= Periodic Bedrock Ridges =

Periodic Bedrock Ridges (PBRs) are features of the surface geomorphology of Mars and formerly unknown on Earth, first described in a paper in the Journal of Geological Research - Planets, in March 2012, by Professor David R. Montgomery, Joshua L. Bandfield, and Scott K. Becker of the University of Washington. Periodic Bedrock Ridges (PBRs) have also been identified at the ExoMars 2022 landing site, Oxia Planum, which show that the landing site experienced multiple climatic changes in the Amazonian.

Evidence for sediment transport and erosion by wind is widespread over the surface of Mars today and was likely a major geomorphic process for much of its geological past. Although Martian surface features resembling aeolian dunes and ripples have been recognized since the Mariner and Viking missions, such features have been interpreted previously as active, indurated, or exhumed sedimentary forms.
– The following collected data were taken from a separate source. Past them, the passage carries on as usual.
Definition mac (R : realType) (V : finType) (a : rel V) (w : V -> V -> R) : R :=
  \big[Num.max/0]_(X : {set V}) cut_weight a w X.

Definition c_nu (R : realType) (nu : nat) : R :=
  sup [set c : R | 0 <= c /\
        forall (V : finType) (a : rel V) (w : V -> V -> R),
          loopless a -> nonneg_weights a w -> acyclic a ->
          longest_path_vertices a nu ->
          c * total_weight a w <= mac a w].

From HB Require Import structures.
From mathcomp Require Import all_boot all_order all_algebra.
From mathcomp Require Import classical_sets reals.
From mathcomp Require Import ring lra zify.
Import Order.TTheory GRing.Theory Num.Theory.
Local Open Scope ring_scope.

(* The witness is the weighted "band" digraph on the vertices 0, ..., n-1
   (n = nu) with an arc u -> v whenever u < v < u + m, of weight m - (v - u).
   It is acyclic and its longest path is 0 -> 1 -> ... -> n-1 (n vertices).
   Its total weight is m (m - 1) (3n - m - 1) / 6, while every cut has weight
   at most n m^2 / 8: extending the indicator b of the source side X
   n-periodically, the cut weight is dominated by
   sum_u sum_(0 <= i < j < m) b(u+i) (1 - b(u+j)), and for each window of
   length m this pair count is S (m - S) / 2 plus a term linear in the
   positions that cancels after summing over all n periodic shifts, whereas
   S (m - S) <= m^2 / 4.  Hence c_nu <= 3 n m / (4 (m - 1) (3n - m - 1)),
   and choosing m = 2 floor(sqrt n) makes this at most the claimed bound,
   which is a polynomial inequality in s = sqrt n and q = floor(sqrt n). *)

Definition band_arc (n m : nat) : rel 'I_n := fun u v => (u < v < u + m)%N.

Definition band_weight (R : realType) (n m : nat) : 'I_n -> 'I_n -> R :=
  fun u v => (m - (v - u))%:R.

Lemma band_loopless n m : loopless (band_arc n m).
Proof. by move=> x; rewrite /band_arc ltnn. Qed.

(* Arcs increase the label, so no directed cycle exists. *)
Lemma band_acyclic n m : acyclic (band_arc n m).
Proof.
move=> [//|x p] _; apply/negP => /= cyc.
have incr : path (fun u v : 'I_n => (u < v)%N) x (rcons p x).
  by apply: sub_path cyc => u v /andP[].
have /allP/(_ x) := order_path_min (fun _ _ _ => @ltn_trans _ _ _) incr.
by rewrite mem_rcons mem_head ltnn => /(_ isT).
Qed.

Lemma band_path_iota n m (x : 'I_n) s : (1 < m)%N ->
  map val (x :: s) = iota x (size s).+1 -> path (band_arc n m) x s.
Proof.
move=> m1; elim: s x => [//|y s IH] x /= [xy ys].
by rewrite IH /= ?xy ?ys // andbT /band_arc xy; lia.
Qed.

Lemma band_longest n m : (0 < n)%N -> (1 < m)%N ->
  longest_path_vertices (band_arc n m) n.
Proof.
move=> n0 m1; split.
  exists (enum 'I_n); split; last exact: size_enum_ord.
  have := val_enum_ord n; have := size_enum_ord n.
  case: (enum 'I_n) (enum_uniq 'I_n) => [|x p] uniq_p sz; first by rewrite -sz in n0.
  have -> : iota 0 n = iota 0 (size p).+1 by rewrite -[in LHS]sz.
  move=> vals; rewrite /is_dpath uniq_p andbT; apply: band_path_iota => //.
  by move: vals => /= [x0 ->]; rewrite x0.
move=> [//|x p] /andP[_ uniq_p].
rewrite -[X in (_ <= X)%N](size_enum_ord n) uniq_leq_size // => y _; exact: mem_enum.
Qed.

Section PeriodicSums.
Variable R : realFieldType.

Lemma periodic_shift_sum (f : nat -> R) n i : (forall v, f (v + n)%N = f v) ->
  \sum_(0 <= u < n) f (u + i)%N = \sum_(0 <= u < n) f u.
Proof.
move=> f_periodic; elim: i => [|i IH]; first by apply: eq_bigr => u _; rewrite addn0.
rewrite -IH; apply: (@addIr _ (f i)).
rewrite [in RHS](_ : f i = f (n + i)%N); last by rewrite addnC f_periodic.
rewrite -(big_nat_recr _ _ (fun u => f (u + i)%N)) //= big_nat_recl //= add0n addrC.
by congr (_ + _); apply: eq_bigr => u _; rewrite addSnnS.
Qed.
The authors reported evidence based on High Resolution Imaging Science Experiment images flown on the Mars Reconnaissance Orbiter, that show some megaripple forms are eroded into cohesive substrate rather than being composed of loose granular material or fossilized dunes. Exposure of stratigraphic continuity within layered, cohesive material extending crest to trough through features with mean wavelengths of 18 m to 51 m demonstrates the primarily erosional formation of what they termed periodic bedrock ridges (PBRs). Thus, some surfaces on Mars previously considered to be covered by wind-deposited material are actually wind-carved exposures that offer insights into Martian history.

PBRs lack the distinctive streamlining associated with wind-parallel yardangs, and comparison of PBR orientation to yardangs, megayardangs, and active sedimentary dunes in the same vicinity confirm that these PBRs formed transverse (across, or 90 degrees) to prevailing winds. Observed wavelengths of PBRs are comparable to those predicted by a simple model for erosional wavelengths of periodic transverse bed forms owing to the spacing of flow separations within the flow. Recognition of these transverse aeolian erosional forms brings up the question of how widespread Martian PBRs are and how many have been misinterpreted as active or indurated (fossilized) sedimentary dunes.

PBRs are not known on Earth. Montgomery has said that there could be landforms on Earth that are somewhat similar to PBRs, but to date there's nothing exactly like it, largely because there are not many bedrock landscapes on Earth in which wind is the main erosion agent. "There are very few places ... where you have bedrock exposed at the surface where there isn't also water that is carving valleys, that's shaping the topography. Mars is a different planet, obviously, and the biggest difference is the lack of fluvial action, the lack of water working on the surface."